7 Kasım 2014 Cuma

Bedeutungslosigkeit

Büyük büyük konuşuyorum, yok artık kitaplardan etkilenmeyecekmişim yok artık dışardan bakarak okuyabiliyormuşum. Sonra bir kitap bir yazar çıkıyor bu dediklerimin hepsini unutuyorum. Vüs'at O. Bener beni aldı, yerden yere çarptı, hala da süründürüyor. Sanki yazmak istediklerimi almış yazmış, başka hikayelerin arasından çıkıp gelip benim kalbimi mengeneyle sıkıştırmış gibi. Soğukalgınlığım geçmiyor bir türlü. Kitap hakkında atıp tutamayacağım, Bay Muannit Sahtegi'nin notlarıyla başladım, galiba adı Murakami'yi çağrıştırdı. Safım ben, Murakami de kimmiş? O günden beri diğer kitaplarının arasında kayboldum, hepsi ayrı bir tarafımdan tuttu çekiyor.
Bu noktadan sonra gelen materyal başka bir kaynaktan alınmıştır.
Fixpoint fsize (f : form) : nat :=
  match f with
  | FLet _ => 1
  | FNot g => (fsize g).+1
  | FAnd g h => (fsize g + fsize h).+1
  | FRef _ => 1
  | FCmp ts _ k =>
      let fix szts (ts : seq (nat * term form)) : nat :=
        match ts with
        | [::] => 0
        | (a, TCount g) :: ts' => bits a + (fsize g).+2 + szts ts'
        | (a, TConst c) :: ts' => bits a + bits c + 1 + szts ts'
        end in szts ts + 1 + bits k
  end.

Definition prog_size (P : prog) : nat := sumn (map fsize P).

Fixpoint fdepth (denv : nat -> nat) (f : form) : nat :=
  match f with
  | FLet _ => 0
  | FNot g => fdepth denv g
  | FAnd g h => maxn (fdepth denv g) (fdepth denv h)
  | FRef j => denv j
  | FCmp ts _ _ =>
      let fix dts (ts : seq (nat * term form)) : nat :=
        match ts with
        | [::] => 0
        | (_, TCount g) :: ts' => maxn (fdepth denv g).+1 (dts ts')
        | (_, TConst _) :: ts' => dts ts'
        end in dts ts
  end.

Definition line_depths (P : prog) : seq nat :=
  foldl (fun ds f => rcons ds (fdepth (fun j => nth 0 ds j) f)) [::] P.

Definition prog_depth (P : prog) : nat := \max_(d <- line_depths P) d.

Fixpoint fmaxconst (f : form) : option nat :=
  let omax (x y : option nat) :=
      match x, y with
      | Some a, Some b => Some (maxn a b)
      | Some a, None => Some a
      | None, y => y
      end in
  match f with
  | FLet _ => None
  | FNot g => fmaxconst g
  | FAnd g h => omax (fmaxconst g) (fmaxconst h)
  | FRef _ => None
  | FCmp ts _ k =>
      let fix cts (ts : seq (nat * term form)) : option nat :=
        match ts with
        | [::] => Some k
        | (a, TCount g) :: ts' => omax (Some a) (omax (fmaxconst g) (cts ts'))
        | (a, TConst c) :: ts' => omax (Some (maxn a c)) (cts ts')
        end in cts ts
  end.

(* precision = number of bits of the largest constant (0 if no constant occurs) *)
Definition prog_prec (P : prog) : nat :=
  \max_(f <- P) (if fmaxconst f is Some c then bits c else 0).

Fixpoint fgirth (f : form) : nat :=
  match f with
  | FLet _ => 0
  | FNot g => fgirth g
  | FAnd g h => maxn (fgirth g) (fgirth h)
  | FRef _ => 0
  | FCmp ts _ _ =>
      let fix gts (ts : seq (nat * term form)) : nat :=
        match ts with
        | [::] => 0
        | (_, TCount g) :: ts' => maxn (fgirth g) (gts ts')
        | (_, TConst _) :: ts' => gts ts'
        end in maxn (size ts) (gts ts)
  end.

Definition prog_girth (P : prog) : nat := \max_(f <- P) fgirth f.

Fixpoint fdecomposed (f : form) : bool :=
  match f with
  | FLet _ => true
  | FNot g => fdecomposed g
  | FAnd g h => fdecomposed g && fdecomposed h
  | FRef _ => true
  | FCmp ts o _ =>
      is_CGe o &&
      match ts with
      | [:: (1, TCount g)] => fdecomposed g
      | _ => false
      end
  end.

Definition decomposed (P : prog) : bool := all fdecomposed P.

End CRASP.

From mathcomp Require Import all_boot zify ring.
From Stdlib Require Import FunctionalExtensionality.
Set Implicit Arguments. Unset Strict Implicit. Unset Printing Implicit Defensive.

(* Every comparison [sum_t a_t * t ~ k] is replaced by a case split on the values of
   its counts, each count capped at [K = k + 1]: either [#[g] >= K], or [#[g] = v] for
   some [v < K], written [#[g] >= v /\ ~ #[g] >= v + 1]; each case fixes the value of
   the sum, hence the truth value of the comparison.  Capping is harmless because a
   summand [a * #[g]] with [a > 0] and [#[g] > k] already exceeds [k].  A comparison
   with [g] summands and constants of [p] bits thus turns into at most [(2^p + 1)^g] cases,
   each containing at most two copies of every (recursively decomposed) counted
   subformula, so the size grows by a factor [2^O(p g)] per level of counting depth,
   the depth does not grow, and constants grow by at most one. *)

Lemma bits_gt0 n : 0 < bits n.
Proof. by case: n. Qed.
Buzul çağının virüsü mü yoksa Dost Yaşamasız mı bilmiyorum ama en çok Buzul Çağının Virüsü. "Sana yirmi beş yaş dayanılmaz haşarılığını kanıtlayan yazılarından kopya ettiğim bir kaçını gönderiyorum." "Hep kıskandın kendini, kendinden canım aptalım benim. Sen hep yanılgı ve yenilgilerden oluştuğun için yaşayabilensin!" İyi ki bu metinlere üniversite zamanımda rastlamadım. Şimdi bile bu kadar çarpıldıysam o zaman kimbilir nasıl olurdum." Duyuyor musun Oğuz Atay! Çınar elli, kızdı mı kezzap gibi bakan, oysa iri çağla gözlü, kapılardan sığmaz güzel adamım! " Nefes nefese kalıyorum ben bu kitapları okurken çok yoruldum. Okuması anlaması zor diyorlar. Anlaması zor değil, sindirmesi zor. Çok yoruldum. Ben bu kitapların yorgunuyum. 

1 yorum:

  1. Vüs’at O. Bener bu yazıyı okumalıydı. Onun yazdıklarının sende yarattığı duyguları anlatman bir Vüs’at O. Bener betimlemesi güzelliğinde olmuş.